• **Stored items**
══════════════════════════════
Lemma const_term0_xyl i j u : (0 < i + j)%N -> const_term (xy i j * u) 0.
Proof.
case: i => [|i] ij.
  case: j ij => // j _; exists 0, (xy 0 j * u).
  by rewrite mulr0 addr0 scale0r add0r mulrA -xy01 xyM.
exists (xy i j * u), 0.
by rewrite mulr0 addr0 scale0r add0r mulrA -xy10 xyM.
Qed.

Lemma shift_x k v r c : const_term v c -> const_term r 0 ->
  exists v' r', const_term v' c /\
    xy 0 1 * v + xy k.+1 0 * r = xy 0 1 * v' + xy k.+2 0 * r'.
Proof.
move=> vc /const_term0_xy [a [b ->]]; exists (v + xy k.+1 0 * b), a; split.
  by rewrite -[c]addr0; apply: const_termD; last exact: const_term0_xyl.
by rewrite !mulrDr ![xy _ _ * (xy _ _ * _)]mulrA !xyM addrA addrAC !addn0 !add0n addn1.
Qed.

Lemma shift_y k w r c : const_term w c -> const_term r 0 ->
  exists w' r', const_term w' c /\
    xy 1 0 * w + xy 0 k.+1 * r = xy 1 0 * w' + xy 0 k.+2 * r'.
Proof.
move=> wc /const_term0_xy [a [b ->]]; exists (w + xy 0 k.+1 * a), b; split.
  by rewrite -[c]addr0; apply: const_termD; last exact: const_term0_xyl.
by rewrite !mulrDr ![xy _ _ * (xy _ _ * _)]mulrA !xyM addrA !addn0 !add0n addn1.
Qed.

Lemma ann_const_term P z c : P * X = 0 -> P * Y = 0 -> const_term z c -> P * z = c *: P.
Proof. by move=> PX PY [u [v ->]]; rewrite !mulrDr !mulrA PX PY !mul0r !addr0 mulr_algr. Qed.

Local Ltac region := rewrite /zero_region; lia.

Lemma socle_mul_const_term z c : const_term z c -> socle * z = c *: socle.
Proof.
apply: ann_const_term; rewrite /socle -?xy10 -?xy01 xyM; apply: xy_zero_region; region.
Qed.

Lemma y2n1_mulX : y2n1 * X = 0.
Proof. by rewrite /y2n1 -xy10 xyM; apply: xy_zero_region; region. Qed.

Lemma y2n1_mulY : y2n1 * Y = socle.
Proof. by rewrite /y2n1 /socle -xy01 xyM; congr xy; lia. Qed.

Hypothesis socle_neq0 : socle != 0.

Lemma scale_socle_eq0 c : (c *: socle == 0) = (c == 0).
Proof. by rewrite scaler_eq0 (negbTE socle_neq0) orbF. Qed.

Lemma scale_socle_inj c d : c *: socle = d *: socle -> c = d.
Proof. by move/eqP; rewrite -subr_eq0 -scalerBl scale_socle_eq0 subr_eq0 => /eqP. Qed.

Hypothesis const_term_total : forall z, exists c, const_term z c.

(* jet z c d: z = c + d y modulo (x, y^2) *)
Definition jet z c d := y2n1 * z = c *: y2n1 + d *: socle /\ socle * z = c *: socle.

Lemma jet_of_const_term z c : const_term z c -> exists d, jet z c d.
Proof.
move=> zc; have [u [v ez]] := zc; have [d vd] := const_term_total v.
exists d; split; last exact: socle_mul_const_term.
by rewrite ez !mulrDr !mulrA y2n1_mulX y2n1_mulY mul0r addr0 mulr_algr (socle_mul_const_term vd).
Qed.

Lemma jet1 : jet 1 1 0.
Proof. by split; rewrite mulr1 ?scale1r // scale0r addr0. Qed.

Lemma jetM z c d z' c' d' : jet z c d -> jet z' c' d' -> jet (z * z') (c * c') (c * d' + d * c').
Proof.
move=> [yz sz] [yz' sz']; split; last by rewrite mulrA sz -scalerAl sz' scalerA.
by rewrite mulrA yz mulrDl -!scalerAl yz' sz' scalerDr !scalerA scalerDl addrA.
Qed.

Lemma jetXn z c d k : jet z c d -> jet (z ^+ k) (c ^+ k) (d * c ^+ k.-1 *+ k).
Proof.
move=> zj; elim: k => [|k IH]; first by rewrite !expr0 mulr0n; exact: jet1.
rewrite !exprS; have := jetM zj IH; congr jet.
by case: k {IH} => [|k] /=; rewrite ?mulr0n ?mulr0 ?add0r ?expr0 ?mulr1 // exprS; ring.
Qed.

Fixpoint in_mpow (k : nat) (z : A) : Prop :=
  if k is k'.+1 then exists u v, [/\ in_mpow k' u, in_mpow k' v & z = X * u + Y * v] else True.

Lemma in_mpow_mulr k z w : in_mpow k z -> in_mpow k (z * w).
Proof.
elim: k z => // k IH z [u [v [hu hv ->]]].
by exists (u * w), (v * w); split; [exact: IH | exact: IH | rewrite mulrDl !mulrA].
Qed.

Lemma in_mpowM a b z w : in_mpow a z -> in_mpow b w -> in_mpow (a + b) (z * w).
Proof.
elim: a z => [|a IH] z hz hw; first by rewrite add0n mulrC; apply: in_mpow_mulr.
case: hz => [u [v [hu hv ->]]]; rewrite addSn.
by exists (u * w), (v * w); split; [exact: IH | exact: IH | rewrite mulrDl !mulrA].
Qed.

Lemma in_mpowXn a k z : in_mpow a z -> in_mpow (a * k) (z ^+ k).
Proof.
by move=> hz; elim: k => [|k IH]; rewrite ?muln0 // exprS mulnS; apply: in_mpowM.
Qed.

Lemma in_mpow1 z : const_term z 0 -> in_mpow 1 z.
Proof. by move=> [u [v ->]]; exists u, v; rewrite scale0r add0r. Qed.

Lemma xy_mul_in_mpow_eq0 k z i j : in_mpow k z ->
  (forall a, (a <= k)%N -> zero_region (i + a) (j + k - a)) -> xy i j * z = 0.
Proof.
elim: k z i j => [|k IH] z i j hz region_ok.
  by rewrite xy_zero_region ?mul0r //; have := region_ok 0 (leqnn 0); rewrite !addn0 subn0.
case: hz => [u [v [hu hv ->]]].
rewrite mulrDr !mulrA -xy10 -xy01 !xyM !addn0 (IH u) ?(IH v) ?addr0 // => a ak.
- rewrite (_ : (j + 1 + k - a = j + k.+1 - a)%N); last lia.
  by apply: region_ok; lia.
- rewrite (_ : (i + 1 + a = i + a.+1)%N); last lia.
  by rewrite (_ : (j + k - a = j + k.+1 - a.+1)%N); [apply: region_ok | lia].
Qed.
══════════════════════════════
• **BRIEF**
Show every line in the entries above that contains the string "scalerA".

• **SOLUTION TO THIS TASK**
move=> [yz sz] [yz' sz']; split; last by rewrite mulrA sz -scalerAl sz' scalerA.
by rewrite mulrA yz mulrDl -!scalerAl yz' sz' scalerDr !scalerA scalerDl addrA.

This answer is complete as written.